The assembly language function TestLDR1_ begins its execution with a ldr x2,=A1 that loads the address array A1 into register X2. Recall from the discussions in Chapter 2 that this form of the LDR instruction is a pseudo instruction. The assembler replaces the ldr x2,=A2 instruction with a ldr x2,offset instruction that loads the address of array A1 from a literal pool. Figure 11-1 illustrates this in greater detail. This figure contains output from the GNU debugger (with minor edits to improve readability) that shows the machine code for the TestLDRx_ functions.
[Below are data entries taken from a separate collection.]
(* With [Y = 12 PI^2 M^2 - 3 (2 + PI^2)] the radicand is [Y^2 - 32], so [pstar_upper]
   is at least [Y / 2 - 1/4], which beats the cubic bound required by [h_curvature_pos]. *)
Lemma h_curvature_pstar_upper N : 2 < pstar_upper N /\ 0 < h_curvature N (pstar_upper N).
Proof.
  pose proof PI2_3_2. pose proof PI_4. pose proof (pos_INR N).
  set (M := INR N + 1). assert (HM : 1 <= M) by (unfold M; lra).
  assert (HM2 : 1 <= M^2) by nra.
  set (c := PI^2). assert (Hc : 9 < c <= 16) by (unfold c; split; nra).
  set (U := pstar_upper N).
  set (Y := 12 * c * M^2 - 3 * (2 + c)).
  assert (HY : 75 <= Y) by (unfold Y; nra).
  assert (Hs : Y - 1 <= sqrt (Y^2 - 32)).
  { rewrite <- (sqrt_pow2 (Y - 1)) by lra. apply sqrt_le_1_alt. nra. }
  assert (HU : Y / 2 - / 4 <= U).
  { unfold U, pstar_upper. fold M c.
    replace (72 * c * M^2 * (2 * c * M^2 - 2 - c) + 4 + 36 * c + 9 * PI^4) with (Y^2 - 32)
      by (unfold Y, c; ring).
    unfold Y in *. lra. }
  assert (HU2 : 4 * c * M^2 <= U) by (unfold Y in HU; nra).
  assert (H36 : 36 <= U) by nra.
  assert (Hb : c * (2 * M - 1)^2 <= U) by nra.
  split; [lra|].
  apply h_curvature_pos; [lra|].
  replace (2 * INR N + 1) with (2 * M - 1) by (unfold M; ring). fold c.
  assert (36 * M <= U) by nra.
  assert (c * (2 * M - 1)^2 * (2 * (U - 1) + (2 * M - 1)) <= U * (2 * U + 2 * M))
    by (apply Rmult_le_compat; nra).
  nra.
Qed.

Theorem theorem3 (N : nat) :
  exists pstar : R,
    1 < pstar /\
    (forall p : R, 1 < p -> pstar < p -> is_local_min (frak_h p N) (1 / 2)) /\
    (forall p : R, 1 < p -> p < pstar -> is_local_max (frak_h p N) (1 / 2)) /\
    4 * (pstar + 1) * lambda_inc (pstar + 2) (INR N)
      - PI ^ 2 * lambda_inc pstar (INR N) = 0 /\
    / 8 * (PI ^ 2 * (2 * INR N + 1) ^ 2 - 12
           + sqrt ((PI ^ 2 * (2 * INR N + 1) ^ 2 - 12) ^ 2 - 128)) <= pstar /\
    pstar <= / 4 * sqrt (72 * PI ^ 2 * (INR N + 1) ^ 2
                           * (2 * PI ^ 2 * (INR N + 1) ^ 2 - 2 - PI ^ 2)
                         + 4 + 36 * PI ^ 2 + 9 * PI ^ 4)
             + 3 * PI ^ 2 * (INR N + 1) ^ 2 - 3 / 4 * (2 + PI ^ 2).
Proof.
  pose proof PI2_3_2. pose proof (pos_INR N).
  set (A := PI^2 * (2 * INR N + 1)^2).
  assert (HA : 9 < A) by (unfold A; nra).
  destruct (h_curvature_pstar_upper N) as [HU Hpos].
  assert (Hneg : h_curvature N (5/4) < 0) by (apply h_curvature_neg; fold A; lra).
  destruct (IVT_interv (h_curvature N) (5/4) (pstar_upper N)) as [z [[Hz1 Hz2] Hz]];
    [intros a Ha; apply h_curvature_continuous; lra | lra | exact Hneg | exact Hpos |].
  exists z. split; [lra|]. split; [|split; [|split; [exact Hz | split]]].
  - intros p Hp Hzp. apply frak_h_local_min; [exact Hp|].
    apply (h_curvature_pos_of_nonneg N z p); lra.
  - intros p Hp Hpz. apply frak_h_local_max; [exact Hp|].
    destruct (Rlt_le_dec (h_curvature N p) 0) as [Hn|Hn]; [exact Hn|].
    pose proof (h_curvature_pos_of_nonneg N p z Hp Hpz Hn). lra.
  - fold A. eapply Rle_trans; [apply sqrt_bound_le_quarter; lra|].
    destruct (Rle_lt_dec (A / 4 - 1) z) as [Hz'|Hz']; [exact Hz'|].
    exfalso. assert (h_curvature N z < 0) by (apply h_curvature_neg; fold A; lra). lra.
  - exact Hz2.
Qed.
(* Let $M=(S,\mathrm{Act},P)$ be an MDP, $T\subseteq S$, $\mathrm{rew}\colon S\to\mathbb{R}_{\ge0}$. Let $(x,r,\sigma)$ with $x\in[0,\infty]^S$, $r\in\mathbb{N}_\infty^S$, and $\sigma$ a strategy satisfy: (1) $D^{\sigma}(r)\le r$; (2) $E^{\sigma}(x)\le x$; (3) for all $s\in S$, $x(s)<\infty$ implies $r(s)<\infty$ (inequalities pointwise). Then for all $s\in S$: $\mathbb{E}^{\min}_s(\Diamond T)\le\mathbb{E}^{\sigma}_s(\Diamond T)\le x(s)$.
   Context: An MDP is a tuple $M=(S,\mathrm{Act},P)$ with $S$ finite, $\mathrm{Act}$ finite, $P\colon S\times\mathrm{Act}\times S\to[0,1]$ with $\sum_{s'}P(s,a,s')\in\{0,1\}$; $\mathrm{Act}(s)=\{a\mid\sum_{s'}P(s,a,s')=1\}$ is nonempty for all $s$; $\mathrm{Post}(s,a)=\{s'\mid P(s,a,s')>0\}$. A strategy is $\sigma\colon S\to\mathrm{Act}$ with $\sigma(s)\in\mathrm{Act}(s)$, inducing a Markov chain with transitions $P(s,\sigma(s),\cdot)$. For an infinite path $s_0s_1\ldots$, the accumulated reward is $\sum_{k=0}^{n-1}\mathrm{rew}(s_k)$ with $n=\min\{i\mid s_i\in T\}$ if $T$ is visited, and $\infty$ otherwise; $\mathbb{E}^\sigma_s(\Diamond T)$ is its expectation under $\sigma$ from $s$, and $\mathbb{E}^{\min}_s(\Diamond T)=\min_\sigma\mathbb{E}^\sigma_s(\Diamond T)$. $E^{\sigma}(x)(s)=0$ for $s\in T$ and $\mathrm{rew}(s)+\sum_{s'\in\mathrm{Post}(s,\sigma(s))}P(s,\sigma(s),s')x(s')$ for $s\notin T$, with $p\cdot\infty=\infty$ for $p>0$, $a+\infty=\infty$. $\mathbb{N}_\infty=\mathbb{N}\cup\{\infty\}$, $1+\infty=\infty$; $D^{\sigma}(r)(s)=0$ for $s\in T$ and $1+\min_{s'\in\mathrm{Post}(s,\sigma(s))}r(s')$ for $s\notin T$. *)

From HB Require Import structures.
From mathcomp Require Import all_boot all_order all_algebra.
From mathcomp Require Import boolp classical_sets reals ereal sequences.
Set Implicit Arguments. Unset Strict Implicit. Unset Printing Implicit Defensive.
Import Order.TTheory GRing.Theory Num.Theory.
Local Open Scope ring_scope.
Local Open Scope classical_set_scope.

Definition is_MDP (R : realType) (S A : finType) (P : S -> A -> S -> R) : Prop :=
  [/\ (forall s a s', 0 <= P s a s' <= 1),
      (forall s a, \sum_(s' : S) P s a s' = 0 \/ \sum_(s' : S) P s a s' = 1)
    & (forall s, exists a, \sum_(s' : S) P s a s' = 1)].

Definition enabled (R : realType) (S A : finType) (P : S -> A -> S -> R)
  (s : S) (a : A) : bool := \sum_(s' : S) P s a s' == 1.

Definition is_strategy (R : realType) (S A : finType) (P : S -> A -> S -> R)
  (sigma : S -> A) : Prop := forall s, enabled P s (sigma s).

Fixpoint path_prob (R : realType) (S A : finType) (P : S -> A -> S -> R)
  (sigma : S -> A) (x : S) (p : seq S) : R :=
  match p with
  | [::] => 1
  | y :: p' => P x (sigma x) y * path_prob P sigma y p'
  end.

Definition avoids (S : finType) (T : {set S}) (p : seq S) : bool :=
  all (fun t => t \notin T) p.

Definition first_hit (S : finType) (T : {set S}) (s : S) (t : seq S) : bool :=
  avoids T (belast s t) && (last s t \in T).

Definition reach_prob (R : realType) (S A : finType) (P : S -> A -> S -> R)
  (sigma : S -> A) (T : {set S}) (s : S) : \bar R :=
  (\sum_(0 <= n <oo)
     (\sum_(t : n.-tuple S | first_hit T s t) path_prob P sigma s t)%:E)%E.

Definition step_reward (R : realType) (S A : finType) (P : S -> A -> S -> R)
  (sigma : S -> A) (T : {set S}) (rew : S -> R) (s : S) (n : nat) : R :=
  \sum_(t : n.-tuple S | avoids T (s :: t)) path_prob P sigma s t * rew (last s t).

(* If T is missed with positive probability the accumulated reward is
   infinite on a set of positive measure, hence the expectation is +oo;
   otherwise (monotone convergence) it is the sum over n of the expected
   reward collected at step n before reaching T. *)
Definition exp_reward (R : realType) (S A : finType) (P : S -> A -> S -> R)
  (sigma : S -> A) (T : {set S}) (rew : S -> R) (s : S) : \bar R :=
  if reach_prob P sigma T s == 1%E
  then (\sum_(0 <= n <oo) (step_reward P sigma T rew s n)%:E)%E
  else (+oo)%E.

Definition exp_reward_min (R : realType) (S A : finType) (P : S -> A -> S -> R)
  (T : {set S}) (rew : S -> R) (s : S) : \bar R :=
  ereal_inf [set exp_reward P sigma T rew s | sigma in [set sigma | is_strategy P sigma]].

Definition Eop (R : realType) (S A : finType) (P : S -> A -> S -> R)
  (sigma : S -> A) (T : {set S}) (rew : S -> R) (x : S -> \bar R) (s : S) : \bar R :=
  if s \in T then 0%E
  else ((rew s)%:E + \sum_(s' | P s (sigma s) s' != 0%R) (P s (sigma s) s')%:E * x s')%E.

(* N_oo = option nat, None = oo *)
Definition ninf := option nat.
Definition ninf_le (a b : ninf) : bool :=
  match a, b with
  | _, None => true
  | None, Some _ => false
  | Some m, Some n => (m <= n)%N
  end.
Definition ninf_min (a b : ninf) : ninf :=
  match a, b with
  | None, b => b
  | a, None => a
  | Some m, Some n => Some (minn m n)
  end.
Definition ninf_succ (a : ninf) : ninf := omap succn a.

Definition Dop (R : realType) (S A : finType) (P : S -> A -> S -> R)
  (sigma : S -> A) (T : {set S}) (r : S -> ninf) (s : S) : ninf :=
  if s \in T then Some 0%N
  else ninf_succ (\big[ninf_min/None]_(s' | P s (sigma s) s' != 0%R) r s').

(* Sums over first-hitting and [T]-avoiding paths are iterates of the
   transition operator of [sigma] killed on [T].  From a state of finite rank
   [m], the ranking [r] exhibits a path of positive-probability transitions
   reaching [T] within [m] steps, so [T] is reached within [M + 1] steps with
   probability at least [delta ^+ M], where [delta] is the least positive
   transition probability and [M] the largest finite rank.  The states where
   [x] is finite have finite rank and, by [E^sigma(x) <= x], are closed under
   the transitions of [sigma] off [T]; hence the probability of avoiding [T]
   decays geometrically from them and [T] is reached almost surely.  The
   expected reward is then the series of step rewards, whose partial sums are
   bounded by [x] by iterating [E^sigma(x) <= x]. *)

From mathcomp Require Import all_boot all_order all_algebra.
From mathcomp Require Import boolp classical_sets reals ereal sequences topology normedtype.
Set Implicit Arguments.
Unset Strict Implicit.
Unset Printing Implicit Defensive.

Import Order.TTheory GRing.Theory Num.Theory.
Import numFieldNormedType.Exports.
Local Open Scope ring_scope.
Local Open Scope classical_set_scope.

Lemma nonincreasing_geometric_cvg0 (R : realType) (u : nat -> R) (N : nat) (q : R) :
  0 <= q < 1 -> (forall n, 0 <= u n) -> (forall n, u n.+1 <= u n) ->
  (forall j, u (j * N)%N <= q ^+ j) -> u n @[n --> \oo] --> 0.
Proof.
move=> /andP[q0 q1] u0 uS uN.
have u_le := Order.NatMonotonyTheory.nonincnP uS.
have q_norm : `|q| < 1 by rewrite ger0_norm.
apply/cvgr0Pnorm_lt => eps eps0.
have [J _ qJ] := (cvgr0Pnorm_lt _).1 (cvg_expr q_norm) eps eps0.
exists (J * N)%N => // n /= Jn.
rewrite ger0_norm // (le_lt_trans (u_le _ _ Jn)) // (le_lt_trans (uN J)) //.
by have := qJ J (leqnn J); rewrite /= ger0_norm // exprn_ge0.
Qed.

Lemma big_tuple_cons (V : nmodType) (S : finType) {n : nat} (G : seq S -> V) :
  \sum_(t : n.+1.-tuple S) G t = \sum_(a : S) \sum_(t : n.-tuple S) G (a :: t).
Proof.
rewrite pair_big /= (reindex (fun p : S * n.-tuple S => [tuple of p.1 :: p.2])) /=.
  by apply: eq_bigr => -[a t].
exists (fun t : n.+1.-tuple S => (thead t, [tuple of behead t])).
  by move=> [a t] _ /=; rewrite theadE; congr pair; apply: val_inj.
by move=> t _ /=; rewrite [in RHS](tuple_eta t).
Qed.
Lemma has_ncomp_le n (S : vec n -> Prop) k1 k2 :
  has_ncomp S k1 -> has_ncomp S k2 -> (k1 <= k2)%N.
Proof.
move=> [f1 [f1_lt [f1_onto f1_comp]]] [f2 [f2_lt [_ f2_comp]]].
have rep (j : 'I_k1) : {x | S x /\ f1 x = j}.
  by apply: constructive_indefinite_description; apply: f1_onto.
pose h (j : 'I_k1) : 'I_k2 := Ordinal (f2_lt _ (proj1 (proj2_sig (rep j)))).
have h_inj : injective h.
  move=> i j /(congr1 val) /=.
  case: (rep i) => xi [Sxi fxi]; case: (rep j) => xj [Sxj fxj] /= E.
  by apply: val_inj; rewrite /= -fxi -fxj; apply/(f1_comp _ _ Sxi Sxj)/(f2_comp _ _ Sxi Sxj).
by have := leq_card h h_inj; rewrite !card_ord.
Qed.

Lemma ncomp_eq n (S : vec n -> Prop) k : has_ncomp S k -> ncomp S = k.
Proof.
move=> Sk; have Sk' := epsilon_spec (inhabits O) (fun k => has_ncomp S k) (ex_intro _ k Sk).
by apply/eqP; rewrite eqn_leq (has_ncomp_le Sk Sk') (has_ncomp_le Sk' Sk).
Qed.

Lemma ncomp_key_image n (S : vec n -> Prop) (K : finType) (key : vec n -> K) :
  (forall x y, S x -> S y -> key x = key y <-> same_comp S x y) ->
  ncomp S = #|key_image S key|.
Proof.
move=> key_comp; apply: ncomp_eq; set I := key_image S key.
exists (fun x => index (key x) (enum I)); split; [|split].
- by move=> x Sx; rewrite cardE index_mem mem_enum mem_key_image.
- move=> j j_lt; have : enum_val (Ordinal j_lt) \in I by apply: enum_valP.
  move=> /key_imageP[x Sx Ex]; exists x; split => //.
  by rewrite Ex (enum_val_nth (key x)) index_uniq ?enum_uniq // -cardE.
- move=> x y Sx Sy; rewrite -key_comp //; split => [E|-> //].
  have memI z : S z -> key z \in enum I by rewrite mem_enum; apply: mem_key_image.
  by rewrite -(nth_index (key x) (memI x Sx)) E (nth_index _ (memI y Sy)).
Qed.

Local Open Scope R_scope.

Lemma vec_bound n (d : vec n) : exists2 M, 0 <= M & forall i, Rabs (d i) <= M.
Proof.
suff [M M0 HM] : exists2 M, 0 <= M & forall i, i \in enum 'I_n -> Rabs (d i) <= M.
  by exists M => // i; apply: HM; rewrite mem_enum.
elim: (enum 'I_n) => [|j s [M M0 HM]]; first by exists 0 => [|i]; [lra | rewrite in_nil].
exists (Rmax (Rabs (d j)) M) => [|i]; first exact: Rle_trans (Rmax_r _ _).
rewrite in_cons => /orP[/eqP -> | i_s]; first exact: Rmax_l.
exact: Rle_trans (HM i i_s) (Rmax_r _ _).
Qed.

Definition seg n (x y : vec n) (s : R) : vec n := fun i => x i + s * (y i - x i).

Definition segment n (x y : vec n) : vec n -> Prop :=
  fun z => exists2 s, 0 <= s <= 1 & z = seg x y s.

Lemma seg0 n (x y : vec n) : seg x y 0 = x.
Proof. by apply: functional_extensionality => i; rewrite /seg; ring. Qed.

Lemma segment_start n (x y : vec n) : segment x y x.
Proof. by exists 0; [lra | rewrite seg0]. Qed.

Lemma segment_end n (x y : vec n) : segment x y y.
Proof. by exists 1; [lra | apply: functional_extensionality => i; rewrite /seg; ring]. Qed.

Definition clamp (s : R) : R := Rmax 0 (Rmin 1 s).

Ltac unfold_clamp :=
  rewrite /clamp /Rmax /Rmin;
  repeat match goal with
  | |- context [Rle_dec ?a ?b] => destruct (Rle_dec a b)
  | H : context [Rle_dec ?a ?b] |- _ => destruct (Rle_dec a b)
  end;
  repeat match goal with H : ~ (_ <= _) |- _ => apply Rnot_le_lt in H end.

Lemma clamp_lipschitz s t : Rabs (clamp s - clamp t) <= Rabs (s - t).
Proof. by unfold_clamp; split_Rabs; lra. Qed.

Lemma clamp_range s : 0 <= clamp s <= 1.
Proof. by unfold_clamp; lra. Qed.

Lemma clamp_id s : 0 <= s <= 1 -> clamp s = s.
Proof. by move=> ?; unfold_clamp; lra. Qed.

Lemma seg_clamp_close n (x y : vec n) M s t e :
  0 <= M -> (forall i, Rabs (y i - x i) <= M) -> 0 < e -> Rabs (s - t) < e / (M + 1) ->
  forall i, Rabs (seg x y (clamp s) i - seg x y (clamp t) i) < e.
Proof.
move=> M0 HM e0 st i.
have -> : seg x y (clamp s) i - seg x y (clamp t) i = (clamp s - clamp t) * (y i - x i).
  by rewrite /seg; ring.
rewrite Rabs_mult.
have st' : Rabs (s - t) * (M + 1) < e.
  have := Rmult_lt_compat_r (M + 1) _ _ ltac:(lra) st.
  by rewrite /Rdiv Rmult_assoc Rinv_l; lra.
have := clamp_lipschitz s t; have := HM i.
have := Rabs_pos (clamp s - clamp t); have := Rabs_pos (y i - x i); have := Rabs_pos (s - t).
nra.
Qed.

(* If the segment split into U and V, the indicator of U along the clamped parametrisation would
   be a continuous function R -> {-1/2, 1/2} changing sign, contradicting the IVT. *)
Lemma segment_in_open n (x y : vec n) (U V : vec n -> Prop) :
  is_open U -> is_open V ->
  (forall z, segment x y z -> U z \/ V z) ->
  (forall z, segment x y z -> U z -> V z -> False) ->
  U x -> forall z, segment x y z -> U z.
Proof.
move=> openU openV cover disj Ux z [s1 s1_01 ->].
case: (excluded_middle_informative (U (seg x y s1))) => // nU; exfalso.
pose c s := if excluded_middle_informative (U (seg x y (clamp s))) then -1/2 else 1/2.
have [M M0 HM] := vec_bound (fun i => y i - x i).
have seg_clamp s : segment x y (seg x y (clamp s)) by exists (clamp s); first exact: clamp_range.
have c_cont : continuity c.
  move=> t eps eps0; rewrite /c.
  case: excluded_middle_informative => [Ut | nUt].
  - have [e [e0 He]] := openU _ Ut.
    exists (e / (M + 1)); split; first by apply: Rdiv_lt_0_compat; lra.
    move=> s [_ st]; rewrite /= /R_dist in st *.
    have Us : U (seg x y (clamp s)) by apply: He => i; apply: (seg_clamp_close M0 HM e0 st).
    by case: excluded_middle_informative => // Us' /=; rewrite Rminus_diag Rabs_R0.
  - have Vt : V (seg x y (clamp t)) by case: (cover _ (seg_clamp t)).
    have [e [e0 He]] := openV _ Vt.
    exists (e / (M + 1)); split; first by apply: Rdiv_lt_0_compat; lra.
    move=> s [_ st]; rewrite /= /R_dist in st *.
    have Vs : V (seg x y (clamp s)) by apply: He => i; apply: (seg_clamp_close M0 HM e0 st).
    case: excluded_middle_informative => [Us | nUs] /=; first by case: (disj _ (seg_clamp s) Us Vs).
    by rewrite Rminus_diag Rabs_R0.
have s1_pos : 0 < s1.
  by case: (Rle_lt_or_eq_dec 0 s1 (proj1 s1_01)) => // s1E; rewrite -s1E seg0 in nU.
have c0 : c 0 < 0.
  by rewrite /c clamp_id ?seg0; [case: excluded_middle_informative => //=; lra | lra].
have c1 : 0 < c s1.
  by rewrite /c clamp_id //; case: excluded_middle_informative => //= nU1; lra.
have [w [_ cw]] := IVT c 0 s1 c_cont s1_pos c0 c1.
by move: cw; rewrite /c; case: excluded_middle_informative => Uw /=; lra.
Qed.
Note that the GNU debugger output displays runtime addresses for the LDR pseudo instructions instead of the offsets that are embedded in the instruction encodings.

Figure 11-1. Machine code for TestLDRx_ functions
Dump of .text section
    0x0000aaaaaaaaae80 <A3>:              100 200 -300 400 500 -600 700 800

    0x0000aaaaaaaaae90 <TestLDR1_+0>      02 02 00 58 ldr x2, 0xaaaaaaaaaed0    // ldr x2, = A1
    0x0000aaaaaaaaae94 <TestLDR1_+4>      43 58 60 b8 ldr w3, [x2, w0, uxtw #2]
    0x0000aaaaaaaaae98 <TestLDR1_+8>:     44 78 61 b8 ldr w4, [x2, x1, lsl #2]
    0x0000aaaaaaaaae9c <TestLDR1_+12>:    60 00 04 0b add w0, w3, w4
    0x0000aaaaaaaaaea0 <TestLDR1_+16>:    c0 03 5f d6 ret
    0x000baaaaaaaaaea4 <TestLDR2_+0>:     a2 01 00 58 ldr x2, 0xaaaaaaaaaed8    // ldr x2, = A2
    0x0000aaaaaaaaaea8 <TestLDR2_+4>:     43 58 60 f8 ldr x3, [x2, w0, uxtw #3]
    0x0000aaaaaaaaaeac <TestLDR2_+8>:     44 78 61 f8 ldr x4, [x2, x1, lsl #3]
    0x0000aaaaaaaaaeb0 <TestLDR2_+12>:    60 00 04 8b add x0, x3, x4
    0x0000aaaaaaaaaeb4 <TestLDR2_+16>:    c0 03 5f d6 ret
    0x0000aaaaaaaaaeb8 <TestLDR3_+0>:     42 fe ff 10 adr x2, 0xaaaaaaaaae80 <- PC relative address (A3)
    0x0000aaaaaaaaaebc <TestLDR3_+4>:     43 58 e0 78 ldrsh w3, [x2, w0, uxtw #1]
    0x0000aaaaaaaaaec0 <TestLDR3_+8>:     44 78 e1 78 ldrsh w4, [x2, x1, 1s1 #1]
    0x0000aaaaaaaaaec4 <TestLDR3_+12>:    60 00 04 0b add w0, w3, w4
    0x0000aaaaaaaaaec8 <TestLDR3_+16>:    03 5f d6 ret
    0x0000aaaaaaaaaecc <TestLDR3_+20>:    00 00 00 00
    0x0000aaaaaaaaaed0 <TestLDR3_+24>:    10 c0 ab aa aa aa 00 00 <— Literal pool address (A1)
    0x0000aaaaaaaaaed8 <TestLDR3_+32>:    30 c0 ab aa aa aa 00 00 <— Literal pool address (A2)

Dump of .data section
    0x0000aaaaaaabc010 <A1>:              1 2 3 4
    0x0000aaaaaaabc020 <A1+16>:           5 6 7 8
    0x0000aaaaaaabc030 <A2>:              10 -20
    0x0000aaaaaaabc040 <A2+16>            30 -40
    0x0000aaaaaaabc050 <A2+32>            50 -60
    0x0000aaaaaaabc060 <A2+48>            70 -80

Function TestLDR3_ uses an adr x2,A3 (form PC relative address) instruction to load the address of array A3 into register X2. An adr instruction can be used here since array A3 is defined in the same .text section (just before function TestLDR1_) as the executable code. Note that in Figure 11-1, there is no literal pool entry for array A3 since the ADR instruction uses PC relative offsets instead of literal pools.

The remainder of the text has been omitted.